The government will soon charge the Productivity Commission with delivering a draft report on the car industry, according to a report in The Australian.
This report, which must be delivered by Christmas, would inform its rescue plans for General Motors Holden, which South Australian Premier Jay Weatherill says requires Federal commitment to a $275 million rescue package before the end of the year to keep production going in Australia.
But a leading economist is questioning why the government would go to a body historically opposed to industry assistance to advise it on an industry reliant on such assistance.
For example, the head of the Productivity Commission – a body funded by but independent from the government – in March last year said government hand-outs to the manufacturing sector didn’t help protect or create jobs.
When informed by SmartCompany that the government plans to go to the Productivity Commission for a report, University of Sydney senior research fellow Phillip Toner said it was “a bit odd”.
“The Productivity Commission has been fairly hostile all along to industry assistance. I just hope it’s not a cover for removing assistance.” Toner supports government assistance to the automotive industry because, he says, it allows Australia to maintain the diverse manufacturing base necessary for future innovation.
There are other government departments the government could have gone to, he added.
“There’s the industry department itself, that actually manages the program, for example. They’ve got expertise in the area, and it’s the obvious place to go if you wanted to review or amend the program.

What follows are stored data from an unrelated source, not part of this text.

Section AdjacentPair.
Variables (n k M : nat) (x y : hgraph n k M) (a b : {set 'I_n}).
Hypotheses (a_k : #|a| = k) (b_k : #|b| = k).
Hypotheses (a_xy : a \in val x :\: val y) (b_yx : b \in val y :\: val x).
Hypothesis xy_exchange : val x :\ a = val y :\ b.
Local Notation tau := (@swapH n k M a b a_k b_k).
Local Notation tauK := (@swapHK n k M a b a_k b_k).
Implicit Types u : hgraph n k M.

Let ax : a \in val x. Proof. by move: a_xy; rewrite inE => /andP []. Qed.
Let bx : b \notin val x. Proof. by move: b_yx; rewrite inE => /andP []. Qed.
Let b_y : b \in val y. Proof. by move: b_yx; rewrite inE => /andP []. Qed.

Lemma swapH_x : tau x = y.
Proof. by apply: val_inj; rewrite /= swap_edges_exchange // xy_exchange setD1K. Qed.

Lemma swapH_y : tau y = x.
Proof. by rewrite -swapH_x tauK. Qed.

Lemma Hadj_xy : Hadj x y.
Proof. by apply: (Hadj_exchange ax bx); rewrite -swapH_x /= swap_edges_exchange. Qed.

Definition matching u : hgraph n k M := if (u == x) || (u == y) then u else tau u.

Lemma matchingK : involutive matching.
Proof.
move=> u; rewrite /matching.
have [-> | ux] := eqVneq u x; first by rewrite eqxx.
have [-> | uy] //= := eqVneq u y; first by rewrite eqxx orbT.
have -> : (tau u == x) = false by rewrite -swapH_y (inj_eq (can_inj tauK)) (negbTE uy).
have -> : (tau u == y) = false by rewrite -swapH_x (inj_eq (can_inj tauK)) (negbTE ux).
exact: tauK.
Qed.

Lemma matching_walk u : hwalk x u = hwalk y (matching u).
Proof.
rewrite /hwalk /matching; congr (if _ then _ else _).
have [-> | ux] /= := eqVneq u x; first by rewrite (Hadj_sym Hadj_xy) orbT.
have [-> | uy] /= := eqVneq u y; first by rewrite eqxx Hadj_xy.
rewrite -{1}swapH_x (inj_eq (can_inj tauK)) (negbTE ux) /=.
apply/idP/idP => [| /(swapH_adj a_k b_k)]; first by rewrite -swapH_x; apply: swapH_adj.
by rewrite swapH_y tauK.
Qed.

Lemma matching_dist u : (hdist u (matching u) <= (matching u != u))%N.
Proof.
rewrite /matching; case: ifP => _; first by rewrite hdist_refl.
have [-> | moved] := eqVneq (tau u) u; first by rewrite hdist_refl.
by case: (swapH_fix_or_adj a_k b_k u) => [/eqP | /hdist_adj //]; rewrite (negbTE moved).
Qed.

Lemma moved_neighbour u : Hadj x u -> u != y -> tau u != u ->
  exists h1 h2, [/\ h1 \in val x :\ a, h2 \in ksets n k :\: (b |: val x)
     & val u = h2 |: (val x :\ h1)].
Proof.
move=> xu uy moved; have [h1 [h2 [h1x h2x u_E]]] := Hadj_diff xu.
have h2_k : #|h2| = k by apply: (hyp_mem (x := u)); rewrite u_E setU11.
have a_u : (a \in val u) = (a != h1).
  by rewrite u_E !inE ax andbT; case: eqP => [ah2 | //]; rewrite -ah2 ax in h2x.
have b_u : (b \in val u) = (b == h2).
  by rewrite u_E !inE (negbTE bx) andbF orbF.
have ab_u : (a \in val u) != (b \in val u) by apply: contra moved => /eqP /(swapH_fix a_k b_k) ->.
have h1a : h1 != a.
  apply: contra uy => /eqP h1a; apply/eqP/val_inj.
  rewrite -swapH_x /= swap_edges_exchange // u_E -h1a; congr (_ |: _).
  by move: ab_u; rewrite a_u b_u h1a eqxx; case: (eqVneq b h2) => [-> | _].
exists h1, h2; split => //; first by rewrite !inE h1a.
rewrite !inE h2_k eqxx (negbTE h2x) orbF andbT.
have ah1 : a != h1 by rewrite eq_sym.
by apply: contraTneq ab_u => h2b; rewrite a_u b_u -h2b eqxx ah1.
Qed.

(* Moved neighbours are determined by such pairs (h1, h2): there are at most
   (M-1)(N-M-1) of them. *)
Lemma moved_card :
  (#|[set u | ((u == x) || Hadj x u) && (matching u != u)]| <= (M - 1) * ('C(n, k) - M.+1))%N.
Proof.
set moved := [set u | _].
pose S := val x :\ a.
pose C := ksets n k :\: (b |: val x).
pose exchange (p : {set 'I_n} * {set 'I_n}) := p.2 |: (val x :\ p.1).
have moved_sub : [set val u | u in moved] \subset exchange @: setX S C.
  apply/subsetP => E /imsetP [u]; rewrite inE /matching => /andP [xu_adj moved_u] ->{E}.
  case: (eqVneq u x) xu_adj moved_u => [-> | ux]; first by rewrite /= eqxx.
  case: (eqVneq u y) => [-> | uy] /= xu moved_u; first by rewrite eqxx in moved_u.
  have [h1 [h2 [h1S h2C u_E]]] := moved_neighbour xu uy moved_u.
  by apply/imsetP; exists (h1, h2); rewrite // in_setX h1S h2C.
rewrite -(card_imset _ val_inj); apply: leq_trans (subset_leq_card moved_sub) _.
apply: leq_trans (leq_imset_card _ _) _; rewrite cardsX.
have -> : #|S| = (M - 1)%N by rewrite -(hyp_card x) (cardsD1 a (val x)) ax add1n subn1.
suff -> : #|C| = ('C(n, k) - M.+1)%N by [].
rewrite cardsD card_ksets (setIidPr _) ?cardsU1 ?bx ?hyp_card //.
by apply/subsetP => h; rewrite !inE => /orP [/eqP -> | /hyp_mem ->]; rewrite ?b_k.
Qed.

End AdjacentPair.

(* A bijection F of V(H) carrying m1 onto m2 defines a coupling of m1 and m2
   supported on the graph of F, so its cost bounds W(m1, m2) from above. *)
Section Transport.
Variables n k M : nat.
Local Notation V := (hgraph n k M).
Implicit Types (m : V -> R) (F G : V -> V).

Definition transports m1 m2 F : Prop := injective F /\ forall u, m1 u = m2 (F u).

Definition move_cost m F : R := Rsum (fun u => m u * INR (hdist u (F u))).

Lemma transport_le_cost m1 m2 F :
  (forall u, 0 <= m1 u) -> transports m1 m2 F -> transport m1 m2 <= move_cost m1 F.
Proof.
move=> m1_ge0 [F_inj m1_F]; have [F' FK F'K] := injF_bij F_inj.
apply: Rinf_le.
  move=> c [A [[A_ge0 _] ->]]; do 2![apply: Rsum_ge0 => ?].
  by apply: Rmult_le_pos => //; apply: pos_INR.
exists (fun u v => if v == F u then m1 u else 0); split; [split; [|split] |].
- by move=> u v; case: ifP => _; [apply: m1_ge0 | apply: Rle_refl].
- by move=> u; rewrite Rsum_point.
- move=> v; rewrite (Rsum_ext (g := fun u => if u == F' v then m1 u else 0)).
    by rewrite Rsum_point m1_F F'K.
  by move=> u; rewrite -{1}(F'K v) (inj_eq F_inj) eq_sym.
rewrite /move_cost; apply: Rsum_ext => u.
rewrite (Rsum_ext (g := fun v => if v == F u then m1 u * INR (hdist u v) else 0)).
  by rewrite Rsum_point.
by move=> v; case: eqP => _; [|rewrite Rmult_0_l].
Qed.

Lemma transports_comp m1 m2 m3 F G :
  transports m1 m2 F -> transports m2 m3 G -> transports m1 m3 (G \o F).
Proof.
move=> [F_inj m1_F] [G_inj m2_G]; split; first exact: inj_comp.
by move=> u; rewrite m1_F m2_G.
Qed.

(* The cost of a composite is at most the sum of the costs, by the triangle
   inequality for hdist and reindexing the second sum along F. *)
Lemma move_cost_comp m1 m2 F G : (forall u, 0 <= m1 u) -> transports m1 m2 F ->
  move_cost m1 (G \o F) <= move_cost m1 F + move_cost m2 G.
Proof.
move=> m1_ge0 [F_inj m1_F].
have -> : move_cost m2 G = Rsum (fun u => m1 u * INR (hdist (F u) (G (F u)))).
  by rewrite /move_cost (Rsum_reindex _ F_inj); apply: Rsum_ext => u; rewrite m1_F.
rewrite /move_cost -Rsum_add; apply: Rsum_le => u; cbv beta.
rewrite -Rmult_plus_distr_l -plus_INR; apply: Rmult_le_compat_l => //.
exact/le_INR/leP/hdist_triangle.
Qed.

End Transport.

Definition walk_mass (n k M : nat) : R := / INR (M * ('C(n, k) - M) + 1).

Section WalkTransport.
Variables n k M : nat.
Local Notation V := (hgraph n k M).
Local Notation c := (walk_mass n k M).
Local Notation edge_bound := (INR ((M - 1) * ('C(n, k) - M.+1)) * c).

Lemma walk_mass_gt0 : 0 < c.
Proof. by apply/Rinv_0_lt_compat/lt_0_INR/ltP; rewrite addn1. Qed.

Lemma hwalk_ge0 (x u : V) : 0 <= hwalk x u.
Proof. by rewrite /hwalk; case: ifP => _; [apply/Rlt_le/walk_mass_gt0 | apply: Rle_refl]. Qed.

(* Along an edge of H the walk can be transported at cost (M-1)(N-M-1)/(M(N-M)+1):
   only the neighbours moved by the matching travel, each by one step. *)
Lemma edge_cost (x y : V) : Hadj x y ->
  exists F, transports (hwalk x) (hwalk y) F /\ move_cost (hwalk x) F <= edge_bound.
Proof.
move=> /existsP [a /existsP [b /and4P [_ a_xy b_yx /eqP xy_E]]].
have a_k : #|a| = k by move: a_xy; rewrite inE => /andP [_ /hyp_mem].
have b_k : #|b| = k by move: b_yx; rewrite inE => /andP [_ /hyp_mem].
pose F := matching x y a_k b_k.
exists F; split.
  by split; [exact/can_inj/(matchingK a_k b_k a_xy b_yx xy_E) | exact: matching_walk].
set moved := [set u | ((u == x) || Hadj x u) && (F u != u)].
apply: (Rle_trans _ (Rsum (fun u => if u \in moved then c else 0))).
  apply: Rsum_le => u; rewrite /hwalk inE.
  have := matching_dist x y a_k b_k u; rewrite -/F.
  case: ((u == x) || Hadj x u); last by rewrite Rmult_0_l => _; apply: Rle_refl.
  case: (F u != u) => d_le.
    rewrite -[X in _ <= X]Rmult_1_r; apply: Rmult_le_compat_l; first exact/Rlt_le/walk_mass_gt0.
    exact/(le_INR _ 1)/leP.
  by move: d_le; rewrite leqn0 => /eqP ->; rewrite /= Rmult_0_r; apply: Rle_refl.
rewrite Rsum_indicator; apply/Rmult_le_compat_r; first exact/Rlt_le/walk_mass_gt0.
by apply/le_INR/leP; apply: (moved_card a_k b_k a_xy b_yx xy_E).
Qed.

Lemma walk_cost (x : V) p : path (@Hadj n k M) x p ->
  exists F, transports (hwalk x) (hwalk (last x p)) F /\
            move_cost (hwalk x) F <= INR (size p) * edge_bound.
Proof.
elim: p x => [|y p IH] x.
  move=> _; exists id; split; first by split.
  have -> : move_cost (hwalk x) id = 0.
    by rewrite /move_cost /Rsum big1 // => u _; rewrite hdist_refl Rmult_0_r.
  by rewrite Rmult_0_l; apply: Rle_refl.
move=> /andP [xy walk_p].
have [F [F_tr F_cost]] := edge_cost xy.
have [G [G_tr G_cost]] := IH y walk_p.
exists (G \o F); split; first exact: transports_comp F_tr G_tr.
apply: Rle_trans (move_cost_comp G (@hwalk_ge0 x) F_tr) _.
have -> : INR (size (y :: p)) = INR (size p) + 1 by rewrite -S_INR.
lra.
Qed.

End WalkTransport.

(* (M-1)(N-M-1) + N = M(N-M) + 1, so the edge bound equals 1 - N/(M(N-M)+1). *)
Lemma edge_bound_eq (N M : nat) : (1 <= M)%N -> (M <= N - 1)%N ->
  INR ((M - 1) * (N - M.+1)) * / INR (M * (N - M) + 1) = 1 - INR N / INR (M * (N - M) + 1).
Proof.
move=> M_ge1 M_lt.
have nat_eq : ((M - 1) * (N - M.+1) + N = M * (N - M) + 1)%N.
  have [q ->] : exists q, N = (M + q).+1 by exists (N - M.+1)%N; lia.
  have [p ->] : exists p, M = p.+1 by exists M.-1; rewrite prednK.
  have -> : (p.+1 - 1 = p)%N by lia.
  have -> : ((p.+1 + q).+1 - p.+2 = q)%N by lia.
  have -> : ((p.+1 + q).+1 - p.+1 = q.+1)%N by lia.
  nia.
have D_gt0 : 0 < INR (M * (N - M) + 1) by apply/lt_0_INR/ltP; rewrite addn1.
rewrite -nat_eq plus_INR in D_gt0 *; field; lra.
Qed.

Theorem mainTheorem7 (k n M : nat) :
  (2 <= k)%N -> (k <= n)%N -> (1 <= M)%N -> (M <= 'C(n, k) - 1)%N ->
  forall H1 H2 : hgraph n k M, H1 <> H2 ->
  (INR 'C(n, k) / INR (M * ('C(n, k) - M) + 1)%N <= kappa H1 H2)%R.
Proof.
move=> _ _ M_ge1 M_le H1 H2 H12.
have [p [walk_p last_p size_p]] := shortest_walk H1 H2.
have [F [F_tr F_cost]] := walk_cost walk_p; rewrite last_p size_p in F_tr F_cost.
have W_le := Rle_trans _ _ _ (transport_le_cost (@hwalk_ge0 _ _ _ H1) F_tr) F_cost.
rewrite /walk_mass edge_bound_eq // in W_le.
have d_gt0 : 0 < INR (hdist H1 H2) by apply/lt_0_INR/ltP/hdist_gt0.
set W := transport _ _ in W_le *; set d := INR (hdist H1 H2) in W_le d_gt0 *.
have : W / d <= 1 - INR 'C(n, k) / INR (M * ('C(n, k) - M) + 1).
  apply: (Rmult_le_reg_r d) => //; rewrite /Rdiv Rmult_assoc Rinv_l; lra.
rewrite /kappa -/W -/d; lra.
Qed.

“So why doesn’t the Industries Minister rely on advice from his own department?”
Richard Reilly, chief executive of the Federation of Automotive Products Manufacturers, told SmartCompany it was the industry’s responsibility to make its case on its own importance.
“The issue with the new government is that we’ve been liaising for a long time with the shadow minister, Sophie Mirabella.
“Now, with her losing her seat, we’re trying to liaise with [newly appointed] Industries Minister Ian Macfarlane for the first time. We’ve written to him asking for a meeting to discuss the industry, and the component sector within it. But it’s early days yet.”
The report by the Productivity Commission on the car industry was one of two election commitments the Coalition made on the sector before the election. The other was to withdraw $500 million from the Automotive Transformation Scheme.
Speaking to The Australian, Minister Macfarlane signalled a pragmatic approach to the issue.
He is flying to Adelaide in two weeks for talks with GM Holden and its unions, and will visit Toyota and Ford facilities in Melbourne soon after.
“It’s all part of the balance,” he told the newspaper. “If we take a cold economic rational position on the car industry, there is no point in me going to Adelaide.”